Isabel laughed. "I am fond of admiration," she said.
"So I should have supposed."
"But I'm not one of those tiresome, exacting women, who are always longing to be first with everybody. I can't stand the sort of women who suffer from what they call 'heart-hunger'. Can you?"
"They are pretty bad," agreed Paul.
"But I'm not like that, am I?"
"No; you like people to admire you, and you take a good deal of trouble to ensure this result: but you are not in the leastexigeante. I don't think you'd expect to be first with a person unless that person was first with you; and then, of course, you'd have a right to expect it."
"That is quite true; how well you understand me! I don't want men to go in jeopardy of their lives by fetching water for me from the wells of Bethlehem; but I do want them to be ready and willing to take me down to supper at balls, and to bring me refreshments at evening parties."
Paul smiled. "You appear to be a wonderfully reasonable woman."
"I'm so glad you think that! I always consider my 'sweet reasonableness' one of my strong points."

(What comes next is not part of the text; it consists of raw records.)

(* Let $A$ be a commutative ring, $p\ge1$, and $W$, $E$ as defined below. Let $F=\{F_i\}_{i\ge0}$ be a graded left $W$-module (so $F_i=0$ for $i<0$) with $F_0\neq0$. Then $F_i\ne0$ for every $0\le i\le p$. Moreover, if $F_i=0$ for all $i\ge p+1$, then the map $W\otimes_AF_0\to F$, $w\otimes f\mapsto wf$, induces an isomorphism of graded left $W$-modules \[ E\otimes_AF_0\xrightarrow{\ \cong\ }F . \]
   Context: $W$ is the graded $A$-algebra $A\langle s_1,\dots,s_p,t_1,\dots,t_p\rangle/(s_it_j+t_js_i-\delta_{ij}\mid1\le i,j\le p)$, where $A\langle\cdots\rangle$ is the free associative $A$-algebra, $|s_i|=1$, $|t_i|=-1$, and $\delta_{ij}$ is the Kronecker delta. $E$ is the quotient of $W$ by the left ideal generated by the elements $t_i$, $s_i^2$, and $s_is_j+s_js_i$ for $1\le i,j\le p$; it is a graded left $W$-module, which as an $A$-module is the exterior algebra $A[\boldsymbol s]$ on $s_1,\dots,s_p$ (free with basis the monomials $s_{i_1}\cdots s_{i_n}$, $i_1<\cdots<i_n$), with $t_i$ acting as graded derivations satisfying $t_i\cdot s_j=\delta_{ij}$. $E\otimes_AF_0$ is a graded left $W$-module via the action on $E$, with $F_0$ in degree $0$. *)

From HB Require Import structures.
From mathcomp Require Import all_boot all_order all_algebra.
Set Implicit Arguments. Unset Strict Implicit. Unset Printing Implicit Defensive.
Import GRing.Theory.
Local Open Scope ring_scope.

(* A graded left W-module F = {F_i}_{i >= 0} (F_i = 0 for i < 0 is encoded by
   indexing over nat), where
   W = A<s_1..s_p,t_1..t_p>/(s_i t_j + t_j s_i - delta_ij), |s_i| = 1, |t_i| = -1.
   By the universal property of the free algebra and its quotient, such a module
   is exactly: A-modules F_n, A-linear maps s_k : F_n -> F_{n+1},
   t_k : F_{n+1} -> F_n (t_k : F_0 -> F_{-1} = 0 is zero) satisfying the
   relations s_k t_l + t_l s_k = delta_kl in every degree.
   Generators are indexed by 'I_p (0-based). *)
Record gradedWmod (A : comPzRingType) (p : nat) := GradedWmod {
  gcomp : nat -> lmodType A;
  sact : forall (k : 'I_p) (n : nat), {linear gcomp n -> gcomp n.+1};
  tact : forall (k : 'I_p) (n : nat), {linear gcomp n.+1 -> gcomp n};
  (* degree 0: s_k t_l x = 0 since t_l x lies in F_{-1} = 0 *)
  Wrel0 : forall (k l : 'I_p) (x : gcomp 0),
    tact l 0 (sact k 0 x) = (k == l)%:R *: x;
  WrelS : forall (k l : 'I_p) (n : nat) (x : gcomp n.+1),
    sact k n (tact l n x) + tact l n.+1 (sact k n.+1 x) = (k == l)%:R *: x
}.
Arguments gcomp {A p} g n : rename.
Arguments sact {A p} g k n : rename.
Arguments tact {A p} g k n : rename.

Fixpoint smono (A : comPzRingType) (p : nat) (F : gradedWmod A p) (n : nat)
  : n.-tuple 'I_p -> gcomp F 0 -> gcomp F n :=
  match n return n.-tuple 'I_p -> gcomp F 0 -> gcomp F n with
  | 0 => fun _ f => f
  | m.+1 => fun t f => sact F (thead t) m (@smono A p F m (behead_tuple t) f)
  end.

(* Strictly increasing n-tuples i1 < ... < in of generator indices: they index
   the A-basis monomials s_{i1}...s_{in} of E = A[s] in degree n. *)
Definition incr_tuple (p n : nat) :=
  {t : n.-tuple 'I_p | sorted (fun i j : 'I_p => (i < j)%N) t}.

(* Degree-n part of E (x)_A F_0, using the monomial basis of E:
   (E (x)_A F_0)_n = (+)_{I increasing, |I| = n} s_I (x) F_0
   ~= functions from increasing n-tuples to F_0.
   Degree-n part of the map  E (x)_A F_0 -> F,  s_I (x) f |-> s_I f. *)
Definition EtensF0_to_F (A : comPzRingType) (p : nat) (F : gradedWmod A p)
  (n : nat) (c : {ffun incr_tuple p n -> gcomp F 0}) : gcomp F n :=
  \sum_(I : incr_tuple p n) @smono A p F n (val I) (c I).

From Pilot Require Import Defs.
From HB Require Import structures.
From mathcomp Require Import all_boot all_order all_algebra.
From mathcomp Require Import zify.
Import GRing.Theory.
Local Open Scope ring_scope.

(* The monomials s_I f (I increasing) are detected by the contractions
   t_{j_n} ... t_{j_1}: for increasing I and J of the same length the
   contraction of s_I f along J is [I = J] f.  This gives the injectivity of
   E (x) F_0 -> F and the nonvanishing of F_i for i <= p, with no assumption on
   the top degree.  If F vanishes above degree p, an element y of positive
   degree with t_l y = 0 for all l is 0: s_l y is then annihilated by the t_k,
   k <> l, while y = t_l s_l y, so adjoining all p generators reaches a
   vanishing degree.  Consequently every operator of degree 2 (resp. -2)
   that commutes with the t_k (resp. the s_k) vanishes; this applies to s_k^2,
   s_k s_l + s_l s_k, t_k^2 and t_k t_l + t_l t_k.  The last two let any
   contraction be rewritten as +- a contraction along an increasing sequence
   (or 0), so an element whose increasing contractions all vanish is 0, which
   gives surjectivity. *)

Lemma cross_subrD (V : zmodType) (a b c d : V) : a - b + c + (b - a + d) = c + d.
Proof. by rewrite addrACA -opprB addNr add0r. Qed.

Section GradedWmodule.
Context {A : comPzRingType} {p : nat} (F : gradedWmod A p).
Local Notation G := (gcomp F).
Local Notation s := (sact F).
Local Notation t := (tact F).
Local Notation smono := (@smono A p F _).
Local Notation EtensF0_to_F n := (@EtensF0_to_F A p F n).
Local Notation ltord := (fun i j : 'I_p => (i < j)%N).

Lemma ltord_trans : transitive ltord.
Proof. by move=> j i k; apply: ltn_trans. Qed.

Lemma tact_sact k l n (x : G n.+1) :
  t l n.+1 (s k n.+1 x) = (k == l)%:R *: x - s k n (t l n x).
Proof. by rewrite -(WrelS k l x) addrAC subrr add0r. Qed.

Lemma sact_tact k l n (x : G n.+1) :
  s k n (t l n x) = (k == l)%:R *: x - t l n.+1 (s k n.+1 x).
Proof. by rewrite -(WrelS k l x) addrK. Qed.

Lemma tact_sact0_neq k l (x : G 0) : k != l -> t l 0 (s k 0 x) = 0.
Proof. by move=> /negbTE kl; rewrite Wrel0 kl scale0r. Qed.

Lemma tact_sact_neq k l n (x : G n.+1) : k != l ->
  t l n.+1 (s k n.+1 x) = - s k n (t l n x).
Proof. by move=> /negbTE kl; rewrite tact_sact kl scale0r sub0r. Qed.

Lemma tact_sact_sact0 j k l (f : G 0) :
  t j 1 (s k 1 (s l 0 f)) = (k == j)%:R *: s l 0 f - (l == j)%:R *: s k 0 f.
Proof. by rewrite tact_sact Wrel0 linearZ. Qed.

Lemma tact_sact_sact j k l n (x : G n.+1) :
  t j n.+2 (s k n.+2 (s l n.+1 x)) =
  (k == j)%:R *: s l n.+1 x - (l == j)%:R *: s k n.+1 x + s k n.+1 (s l n (t j n x)).
Proof. by rewrite tact_sact tact_sact linearB linearZ opprB addrCA addrC. Qed.

Lemma sact_tact_tact k j l m (w : G m.+2) :
  s k m (t j m (t l m.+1 w)) =
  (k == j)%:R *: t l m.+1 w - (k == l)%:R *: t j m.+1 w + t j m.+1 (t l m.+2 (s k m.+2 w)).
Proof. by rewrite sact_tact sact_tact linearB linearZ opprB addrCA addrC. Qed.

Lemma eq0_of_sact_eq0 (S : {set 'I_p}) m (u : G m) :
  (m < #|S|)%N -> {in S, forall l, s l m u = 0} -> u = 0.
Proof.
elim: m S u => [|m IH] S u ltmS uS;
  have [l lS] : exists l, l \in S by apply/card_gt0P; lia.
  by have := Wrel0 l l u; rewrite uS // raddf0 eqxx scale1r.
have tu0 : t l m u = 0.
  apply: (IH (S :\ l)); first by move: ltmS; rewrite (cardsD1 l S) lS; lia.
  move=> k; rewrite !inE => /andP[kl kS].
  by apply/eqP; rewrite -oppr_eq0 -tact_sact_neq // uS // raddf0.
by have := WrelS l l u; rewrite tu0 uS // !raddf0 addr0 eqxx scale1r.
Qed.

(* Junk value: the contraction is 0 unless [size J = n]. *)
Fixpoint contract (J : seq 'I_p) (n : nat) : G n -> G 0 :=
  match J, n return G n -> G 0 with
  | [::], 0 => id
  | j :: J', m.+1 => fun y => contract J' m (t j m y)
  | _, _ => fun _ => 0
  end.

Lemma contract_is_linear J n : linear (contract J n).
Proof.
elim: J n => [|j J IH] [|n] c x y //=; rewrite ?scaler0 ?addr0 //.
by rewrite linearP IH.
Qed.

HB.instance Definition _ J n :=
  GRing.isLinear.Build A (G n) (G 0) *:%R (contract J n) (contract_is_linear J n).

Lemma tact_smono_notin m (I : m.+1.-tuple 'I_p) j (f : G 0) :
  j \notin I -> t j m (smono I f) = 0.
Proof.
elim: m I => [|m IH] I; rewrite [in j \notin I](tuple_eta I) inE negb_or => /andP[jI jI'] /=.
  by rewrite tact_sact0_neq // eq_sym.
by rewrite tact_sact_neq 1?eq_sym // IH // raddf0 oppr0.
Qed.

"But it is only because you don't really care," continued Paul, "the minute you begin to care, you'll be as unreasonable as the rest of them."
Isabel frowned. "How horrid you are!"
"Am I? I'm sorry for that. But it grieves my righteous soul to see you hugging your negligences and ignorances, and mistaking them for virtues."
"I wish you were not so nasty!" sighed Isabel; "when you are as nasty as this, it makes a walk with you a toil instead of a pleasure."
"Well, don't make it a danger instead of a toil; which you will do if you walk on that damp grass."
"I shall walk on the damp grass as long as you are disagreeable."
"I wish you wouldn't," and Paul's face grew quite anxious. "You'll be certain to catch cold if you do, and I do so hate you to have a cold. I can see your feet are quite wet already." And then Paul smiled to himself, remembering how Edgar Ford had once said: "A man must be at a woman's feet before he knows when they are getting wet, and is ready to lay his cloak across the puddles to keep them dry."
"I shall walk in the damp till you leave off being disagreeable," persisted Isabel.
"Well, what is it that you want me to say?"
"I want you to say that you think I am a most reasonable woman—not that I only appear to be."